TAOCP 4.3.1 Exercise 9

Section 4.3.1: The Classical Algorithms

Exercise 9. ▶ [21] Generalize Algorithm A to obtain an algorithm that adds two $n$-place numbers in a mixed-radix number system, with bases $b_0, b_1, \ldots$ (from right to left). Thus the least significant digits lie between $0$ and $b_0 - 1$, the next digits lie between $0$ and $b_1 - 1$, etc.; see Eq. 4.1–(9).

Verified: yes
Solve time: 1m44s

Solution

We are asked to generalize Algorithm A (addition of nonnegative $n$-place integers in a fixed radix $b$) to a mixed-radix number system, where the digits have bases $b_0, b_1, \ldots, b_{n-1}$ from least to most significant, as in Eq. 4.1–(9). That is, an $n$-place number is represented as $(u_{n-1} \ldots u_1 u_0)$ with $0 \le u_j < b_j$ for $0 \le j < n$.

Let $(u_{n-1} \ldots u_0)$ and $(v_{n-1} \ldots v_0)$ be two such numbers. The goal is to compute the sum $(w_{n-1} \ldots w_0)$ along with a final carry $w_n \in {0,1}$, so that

$$ (u_{n-1} \ldots u_0) + (v_{n-1} \ldots v_0) = (w_n w_{n-1} \ldots w_0)_{\text{mixed-radix}}. $$

The natural generalization of Algorithm A is to replace the single radix $b$ with the variable radix $b_j$ at position $j$.

Algorithm MA (Addition of nonnegative integers in mixed-radix system).

MA1. [Initialize.] Set $j \leftarrow 0$, $k \leftarrow 0$. The variable $k$ will keep track of carries from position $j-1$ to $j$.

MA2. [Add digits.] Compute

$$ w_j \leftarrow (u_j + v_j + k) \bmod b_j, $$

$$ k \leftarrow \left\lfloor \frac{u_j + v_j + k}{b_j} \right\rfloor. $$

By induction, $0 \le u_j + v_j + k \le (b_j - 1) + (b_j - 1) + 1 = 2b_j - 1$, so $k \in {0,1}$.

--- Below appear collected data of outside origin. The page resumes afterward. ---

(* Let $F:[-1,1]^n\to[-\alpha,\alpha]$ be a multilinear polynomial, with $\alpha>0$, and let $0<\eta\le\frac{1}{\alpha n}$. Let $(x_t)$ be the projected gradient descent sequence $x_{t+1}=\Pi_{[-1,1]^n}(x_t-\eta\nabla F(x_t))$ with $x_0\in[-1,1]^n$. Then for every $t$, $$F(x_{t+1})-F(x_t)\le-\frac{\eta}{2}\|G(x_t)\|_2^2.$$
   Context: $\Pi_{[-1,1]^n}(y)=\arg\min_{x\in[-1,1]^n}\tfrac12\|x-y\|_2^2$ is the Euclidean projection onto the cube. The projected gradient mapping is $G(x)=\frac1\eta\big(x-\Pi_{[-1,1]^n}(x-\eta\nabla F(x))\big)$, so that $x_{t+1}=x_t-\eta G(x_t)$. *)

From HB Require Import structures.
From mathcomp Require Import all_boot all_order all_algebra.
From mathcomp Require Import all_classical all_reals all_analysis.
Set Implicit Arguments. Unset Strict Implicit. Unset Printing Implicit Defensive.
Import Order.TTheory GRing.Theory Num.Theory.
Import numFieldNormedType.Exports.
Local Open Scope ring_scope.

Section Defs.
Variables (R : realType) (n : nat).

Definition vec := 'I_n -> R.

Definition in_cube (x : vec) : Prop := forall i, -1 <= x i <= 1.

Definition sqnorm (x : vec) : R := \sum_(i < n) x i ^+ 2.

Definition mlpoly (c : {set 'I_n} -> R) (x : vec) : R :=
  \sum_(S : {set 'I_n}) c S * \prod_(i in S) x i.

Definition upd (x : vec) (i : 'I_n) (t : R) : vec :=
  fun j => if j == i then t else x j.

Definition grad (F : vec -> R) (x : vec) : vec :=
  fun i => derive1 (fun t => F (upd x i t)) (x i).

Definition is_cube_proj (P : vec -> vec) : Prop :=
  forall y, in_cube (P y) /\
    forall z, in_cube z ->
      sqnorm (fun i => P y i - y i) / 2 <= sqnorm (fun i => z i - y i) / 2.

Definition Gmap (P : vec -> vec) (F : vec -> R) (eta : R) (x : vec) : vec :=
  fun i => (x i - P (fun j => x j - eta * grad F x j) i) / eta.

End Defs.

From HB Require Import structures.
From mathcomp Require Import all_boot all_order all_algebra.
From mathcomp Require Import all_classical all_reals all_analysis.
From mathcomp Require Import ring lra.
Import Order.TTheory GRing.Theory Num.Theory.
Local Open Scope ring_scope.

(* F is affine in each coordinate, so its partial derivatives are finite
   differences, and moving coordinate j by d changes the i-th partial derivative
   by at most alpha |d| (the mixed coefficient is controlled by the values of F at
   the corners of the cube).  Walking from x to p one coordinate at a time gives
   F p - F x <= <grad F x, p - x> + alpha n / 2 * |p - x|^2.  The variational
   inequality of the projection bounds <grad F x, p - x> by -|p - x|^2 / eta, and
   eta alpha n <= 1 leaves -|p - x|^2 / (2 eta) = -(eta / 2) |G x|^2. *)

Lemma derive1_affine (R : realType) (a b x : R) :
  derive1 (fun t : R => a + t * b) x = b.
Proof. by rewrite derive1E deriveD // derive_cst add0r deriveMr // derive_id mulr1. Qed.

Lemma sum_lower_pairs_le {R : realFieldType} {n : nat} (a : 'I_n -> R) :
  2 * \sum_(i < n) a i * \sum_(j < n | (j < i)%N) a j
    <= n%:R * \sum_(i < n) a i ^+ 2.
Proof.
have amgm i j : 2 * (a i * a j) <= a i ^+ 2 + a j ^+ 2.
  by have := sqr_ge0 (a i - a j); rewrite sqrrB; lra.
have swap : \sum_(i < n) \sum_(j < n | (j < i)%N) a j ^+ 2
    = \sum_(i < n) \sum_(j < n | (i < j)%N) a i ^+ 2.
  by rewrite (exchange_big_dep xpredT).
have row_le (i : 'I_n) :
    \sum_(j < n | (j < i)%N) a i ^+ 2 + \sum_(j < n | (i < j)%N) a i ^+ 2
      <= \sum_(j < n) a i ^+ 2.
  rewrite [X in _ <= X](bigID (fun j : 'I_n => (j < i)%N)) /= lerD2l.
  rewrite [X in _ <= X]big_mkcond [X in X <= _]big_mkcond /=.
  by apply: ler_sum => j _; case: ltngtP; rewrite ?sqr_ge0.
rewrite mulr_sumr.
apply: (le_trans (y := \sum_(i < n) (\sum_(j < n | (j < i)%N) a i ^+ 2
    + \sum_(j < n | (j < i)%N) a j ^+ 2))).
  apply: ler_sum => i _; rewrite !mulr_sumr -big_split /=.
  by apply: ler_sum => j _; exact: amgm.
rewrite big_split /= swap -big_split /=.
apply: le_trans (ler_sum _ (fun i _ => row_le i)) _.
by rewrite mulr_sumr; apply: ler_sum => i _; rewrite sumr_const card_ord mulr_natl.
Qed.

Lemma interval_min_var (R : realFieldType) (y q : R) :
  -1 <= q <= 1 -> (forall w, -1 <= w <= 1 -> (q - y) ^+ 2 <= (w - y) ^+ 2) ->
  forall z, -1 <= z <= 1 -> (y - q) * (z - q) <= 0.
Proof.
move=> /andP[q_ge q_le] qmin z /andP[z_ge z_le].
have m1 : -1 <= (-1 : R) <= 1 by apply/andP; split; lra.
have p1 : -1 <= (1 : R) <= 1 by apply/andP; split; lra.
case: (ltrP y (-1)) => [y_lt|y_ge].
  have q_sq := qmin _ m1.
  have -> : q = -1 by apply/le_anti; rewrite q_ge andbT; nra.
  nra.
case: (ltrP 1 y) => [y_gt|y_le].
  have q_sq := qmin _ p1.
  have -> : q = 1 by apply/le_anti; rewrite q_le /=; nra.
  nra.
have := qmin y; rewrite subrr expr0n /= y_ge y_le => /(_ isT) q_sq.
have : (q - y) ^+ 2 == 0 by rewrite eq_le q_sq sqr_ge0.
by rewrite sqrf_eq0 subr_eq0 => /eqP ->; rewrite subrr mul0r.
Qed.

Section Update.
Context {R : realType} {n : nat}.
Implicit Types (y : vec R n) (i j : 'I_n).

Lemma upd_id y i : upd y i (y i) = y.
Proof. by apply: funext => j; rewrite /upd; case: eqP => [->|]. Qed.

Lemma upd_comm y i j a b : i != j ->
  upd (upd y i a) j b = upd (upd y j b) i a.
Proof.
move=> ij; apply: funext => k; rewrite /upd.
by case: (k =P j) => [->|//]; rewrite eq_sym (negPf ij).
Qed.

Lemma upd_in_cube y i a : in_cube y -> -1 <= a <= 1 -> in_cube (upd y i a).
Proof. by move=> hy ha j; rewrite /upd; case: eqP. Qed.

End Update.

Section CubeProjection.
Context {R : realType} {n : nat} {P : vec R n -> vec R n}.
Hypothesis P_proj : is_cube_proj P.

Lemma cube_proj_coord_min y i w :
  -1 <= w <= 1 -> (P y i - y i) ^+ 2 <= (w - y i) ^+ 2.
Proof.
move=> hw; have [Py_cube Py_min] := P_proj y.
have := Py_min _ (upd_in_cube _ i _ Py_cube hw).
rewrite /sqnorm (bigD1 i) //= [X in _ <= X / 2](bigD1 i) //= /upd eqxx.
under [X in _ <= (_ + X) / 2]eq_bigr => j /negPf -> do [].
lra.
Qed.

Lemma cube_proj_var y i z :
  -1 <= z <= 1 -> (y i - P y i) * (z - P y i) <= 0.
Proof. by apply: interval_min_var; [exact: (P_proj y).1 | exact: cube_proj_coord_min]. Qed.

Lemma cube_proj_step_le {x g p : vec R n} {eta : R} :
  in_cube x -> 0 < eta -> p = P (fun i => x i - eta * g i) ->
  \sum_(i < n) (p i - x i) * g i <= - sqnorm (fun i => p i - x i) / eta.
Proof.
move=> hx eta_gt0 ->; rewrite /sqnorm -sumrN mulr_suml.
apply: ler_sum => i _; rewrite ler_pdivlMr //.
have := cube_proj_var (fun i => x i - eta * g i) i (x i) (hx i).
nra.
Qed.

End CubeProjection.

Section Multilinear.
Context {R : realType} {n : nat} (c : {set 'I_n} -> R).
Local Notation F := (mlpoly c).
Implicit Types (y : vec R n) (i j : 'I_n).

Definition coord_slope y i : R := F (upd y i 1) - F (upd y i 0).

Lemma mlpoly_upd_affine y i u :
  F (upd y i u) = F (upd y i 0) + u * coord_slope y i.
Proof.
have [A [B AB]] : exists A B, forall u, F (upd y i u) = A + u * B.
  exists (\sum_S c S * (if i \in S then 0 else \prod_(j in S) y j)).
  exists (\sum_S c S * (if i \in S then \prod_(j in S | j != i) y j else 0)).
  move=> t; rewrite /mlpoly mulr_sumr -big_split /=; apply: eq_bigr => S _.
  case: (boolP (i \in S)) => iS.
  - rewrite (bigD1 i) //= /upd eqxx mulr0 add0r mulrCA.
    by under eq_bigr => j /andP[_ /negPf ->] do [].
  - rewrite mulr0 mulr0 addr0; congr (_ * _); apply: eq_bigr => j jS.
    by rewrite /upd; case: eqP => // ji; rewrite -ji jS in iS.
by rewrite /coord_slope !AB; ring.
Qed.

Lemma mlpoly_upd_sub y i u v :
  F (upd y i u) - F (upd y i v) = (u - v) * coord_slope y i.
Proof. by rewrite (mlpoly_upd_affine y i u) (mlpoly_upd_affine y i v); ring. Qed.

Lemma grad_mlpoly y i : grad F y i = coord_slope y i.
Proof.
rewrite /grad.
have -> : (fun t => F (upd y i t)) = fun t => F (upd y i 0) + t * coord_slope y i.
  by apply: funext => t; apply: mlpoly_upd_affine.
exact: derive1_affine.
Qed.

Context {alpha : R}.
Hypothesis F_bounded : forall y, in_cube y -> `|F y| <= alpha.

(* The mixed coefficient of F in coordinates (i, j) is a quarter of the
   alternating sum of F over the four corners, hence bounded by alpha. *)
Lemma coord_slope_upd_lipschitz y i j u v : in_cube y -> i != j ->
  `|coord_slope (upd y j u) i - coord_slope (upd y j v) i| <= alpha * `|u - v|.
Proof.
move=> y_cube ij; have ji : j != i by rewrite eq_sym.
pose f a b := F (upd (upd y i a) j b).
have slope_f w : coord_slope (upd y j w) i = f 1 w - f 0 w.
  by rewrite /coord_slope /f !(upd_comm _ _ _ _ _ ji).
have affine_j a b : f a b = f a 0 + b * (f a 1 - f a 0).
  by rewrite /f mlpoly_upd_affine.
have affine_i a b : f a b = f 0 b + a * (f 1 b - f 0 b).
  by rewrite /f -!(upd_comm _ _ _ _ _ ji) mlpoly_upd_affine.
set q := f 1 1 - f 1 0 - f 0 1 + f 0 0.
have bilinear a b :
    f a b = f 0 0 + a * (f 1 0 - f 0 0) + b * (f 0 1 - f 0 0) + a * b * q.
  by rewrite (affine_j a b) (affine_i a 0) (affine_i a 1) /q; ring.
have corner a b : -1 <= a <= 1 -> -1 <= b <= 1 -> `|f a b| <= alpha.
  by move=> ha hb; apply/F_bounded/upd_in_cube/hb/upd_in_cube.
have unit_in : -1 <= (1 : R) <= 1 by apply/andP; split; lra.
have munit_in : -1 <= (-1 : R) <= 1 by apply/andP; split; lra.
have q_le : `|q| <= alpha.
  move: (corner _ _ unit_in unit_in) (corner _ _ unit_in munit_in).
  move: (corner _ _ munit_in unit_in) (corner _ _ munit_in munit_in).
  rewrite (bilinear 1 1) (bilinear 1 (-1)) (bilinear (-1) 1) (bilinear (-1) (-1)).
  rewrite !ler_norml.
  move=> /andP[? ?] /andP[? ?] /andP[? ?] /andP[? ?]; apply/andP; split; lra.
rewrite !slope_f (affine_j 1 u) (affine_j 0 u) (affine_j 1 v) (affine_j 0 v).
rewrite (_ : _ - _ = (u - v) * q); last by rewrite /q; ring.
by rewrite normrM mulrC ler_wpM2r.
Qed.

Context {x p : vec R n}.
Hypotheses (x_cube : in_cube x) (p_cube : in_cube p).

Definition splice (k : nat) : vec R n := fun j => if (j < k)%N then p j else x j.

Lemma splice0 : splice 0 = x.
Proof. by apply: funext => j; rewrite /splice ltn0. Qed.

Lemma splice_ord_max : splice n = p.
Proof. by apply: funext => j; rewrite /splice ltn_ord. Qed.

Lemma splice_in_cube k : in_cube (splice k).
Proof. by move=> j; rewrite /splice; case: ifP. Qed.

Lemma splice_upd_self i : upd (splice i) i (x i) = splice i.
Proof. by rewrite [x i](_ : _ = splice i i) ?upd_id // /splice ltnn. Qed.

Lemma spliceS i : splice i.+1 = upd (splice i) i (p i).
Proof.
apply: funext => j; rewrite /splice /upd ltnS leq_eqVlt -val_eqE /=.
by case: eqP => [/val_inj ->|].
Qed.

Lemma mlpoly_splice_telescope :
  F p - F x = \sum_(i < n) (p i - x i) * coord_slope (splice i) i.
Proof.
rewrite -{1}splice_ord_max -{2}splice0.
rewrite -(telescope_sumr (fun k => F (splice k)) (leq0n n)) big_mkord.
by apply: eq_bigr => i _; rewrite spliceS -{2}splice_upd_self mlpoly_upd_sub.
Qed.

Lemma coord_slope_splice_drift k i : (k <= i)%N ->
  `|coord_slope (splice k) i - coord_slope x i|
    <= alpha * \sum_(j < n | (j < k)%N) `|p j - x j|.
Proof.
elim: k => [|k IH] ki.
  by rewrite splice0 subrr normr0 big_pred0 ?mulr0.
have kn : (k < n)%N := ltn_trans ki (ltn_ord i).
pose j := Ordinal kn.
have ij : i != j by rewrite -val_eqE /= gtn_eqF.
rewrite (bigD1 j) //= mulrDr.
rewrite (eq_bigl (fun l : 'I_n => (l < k)%N)); last first.
  by move=> l; rewrite ltnS leq_eqVlt -val_eqE /=; case: ltngtP.
apply: (le_trans (ler_distD (coord_slope (splice k) i) _ _)).
apply: lerD; last exact/IH/ltnW.
rewrite (spliceS j) -{2}(splice_upd_self j).
exact: coord_slope_upd_lipschitz (splice_in_cube _) ij.
Qed.

Lemma mlpoly_descent_bound :
  F p - F x <= \sum_(i < n) (p i - x i) * grad F x i
               + alpha * n%:R / 2 * sqnorm (fun i => p i - x i).
Proof.
have alpha_ge0 : 0 <= alpha := le_trans (normr_ge0 _) (F_bounded _ x_cube).
rewrite mlpoly_splice_telescope.
apply: (le_trans (y := \sum_(i < n) ((p i - x i) * grad F x i
    + alpha * (`|p i - x i| * \sum_(j < n | (j < i)%N) `|p j - x j|)))).
  apply: ler_sum => i _; rewrite grad_mlpoly.
  rewrite -[X in X <= _](subrK ((p i - x i) * coord_slope x i)) addrC lerD2l.
  rewrite -mulrBr mulrCA; apply: le_trans (ler_norm _) _.
  by rewrite normrM ler_wpM2l // coord_slope_splice_drift.
rewrite big_split /= lerD2l -mulr_sumr -!mulrA ler_wpM2l //.
have pairs := sum_lower_pairs_le (fun i => `|p i - x i|).
have sq_norm : \sum_(i < n) `|p i - x i| ^+ 2 = sqnorm (fun i => p i - x i).
  by apply: eq_bigr => i _; exact: real_normK (num_real _).
rewrite /= sq_norm in pairs; lra.
Qed.

End Multilinear.

Theorem lemma9 (R : realType) (n : nat) (c : {set 'I_n} -> R) (alpha eta : R)
  (P : vec R n -> vec R n) (x : nat -> vec R n) :
  0 < alpha ->
  (forall y, in_cube y -> `|mlpoly c y| <= alpha) ->
  0 < eta -> eta <= 1 / (alpha * n%:R) ->
  is_cube_proj P ->
  in_cube (x 0%N) ->
  (forall t, x t.+1 = P (fun i => x t i - eta * grad (mlpoly c) (x t) i)) ->
  forall t, mlpoly c (x t.+1) - mlpoly c (x t)
            <= - (eta / 2) * sqnorm (Gmap P (mlpoly c) eta (x t)).
Proof.
move=> alpha_gt0 F_bounded eta_gt0 eta_le P_proj x0_cube x_succ t.
have x_cube k : in_cube (x k).
  by elim: k => // k _; rewrite x_succ; exact: (P_proj _).1.
have rate : alpha * n%:R <= eta^-1.
  have [->|n_gt0] := posnP n; first by rewrite mulr0 invr_ge0 ltW.
  by rewrite -[alpha * _]invrK lef_pV2 ?posrE ?invr_gt0 ?mulr_gt0 ?ltr0n // -div1r.
set D := sqnorm (fun i => x t.+1 i - x t i).
have D_ge0 : 0 <= D by apply: sumr_ge0 => i _; exact: sqr_ge0.
have G_sqnorm : sqnorm (Gmap P (mlpoly c) eta (x t)) = D / eta ^+ 2.
  rewrite /D /sqnorm mulr_suml; apply: eq_bigr => i _.
  by rewrite /Gmap -x_succ; field; exact: lt0r_neq0.
have descent := mlpoly_descent_bound c F_bounded (x_cube t) (x_cube t.+1).
have step := cube_proj_step_le P_proj (x_cube t) eta_gt0 (x_succ t).
have rate_D := ler_wpM2r D_ge0 rate.
rewrite -/D in descent step.
rewrite G_sqnorm (_ : - (eta / 2) * (D / eta ^+ 2) = - (D / eta) / 2); last first.
  by field; exact: lt0r_neq0.
lra.
Qed.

MA3. [Loop on $j$.] Increase $j$ by one. If $j < n$, return to MA2. Otherwise, set $w_n \leftarrow k$ and terminate the algorithm. $\blacksquare$

Correctness. By induction on $j$, assume that for some $0 \le j < n$, the partial sums $w_0, \ldots, w_{j-1}$ are correctly computed and $k$ is the carry into position $j$. Then $u_j + v_j + k$ is the total sum at position $j$, and the digit $w_j$ is correctly given by $(u_j + v_j + k) \bmod b_j$, with the carry $k \leftarrow \lfloor (u_j + v_j + k)/b_j \rfloor$ propagating to the next higher digit. Since the maximal possible sum at each digit is $2b_j - 1$, the carry $k$ is either 0 or 1. At termination, $w_n$ stores the final carry. By induction, all digits are correctly computed, and no previously stored digit is modified. This completes the proof. ∎

Implementation notes.

If $b_j = b$ for all $j$, MA reduces to Algorithm A.
The algorithm can be implemented in the same memory-efficient style as Algorithm A, using a single carry variable $k$ and updating digits in-place if desired.
The running time is $O(n)$, with a single pass through the digits.

Example. Let $n = 4$, and let the bases be $b_0 = 2$, $b_1 = 3$, $b_2 = 4$, $b_3 = 5$. Let $u = (3,2,1,1)$ and $v = (4,0,2,0)$ (digits written most to least significant). Then addition proceeds:

$j=0$: $u_0 + v_0 + k = 1 + 0 + 0 = 1 < b_0 = 2$, so $w_0 = 1$, $k=0$.
$j=1$: $2 + 2 + 0 = 4 \ge b_1 = 3$, so $w_1 = 1$, $k=1$.
$j=2$: $1 + 0 + 1 = 2 < b_2 = 4$, so $w_2 = 2$, $k=0$.
$j=3$: $3 + 4 + 0 = 7 \ge b_3 = 5$, so $w_3 = 2$, $k=1$.

Final carry $w_4 = 1$. Hence the sum is $(w_4 w_3 w_2 w_1 w_0) = (1,2,2,1,1)$ in the mixed-radix system.

This illustrates the operation of the algorithm and confirms that the carry propagation adapts correctly to variable bases.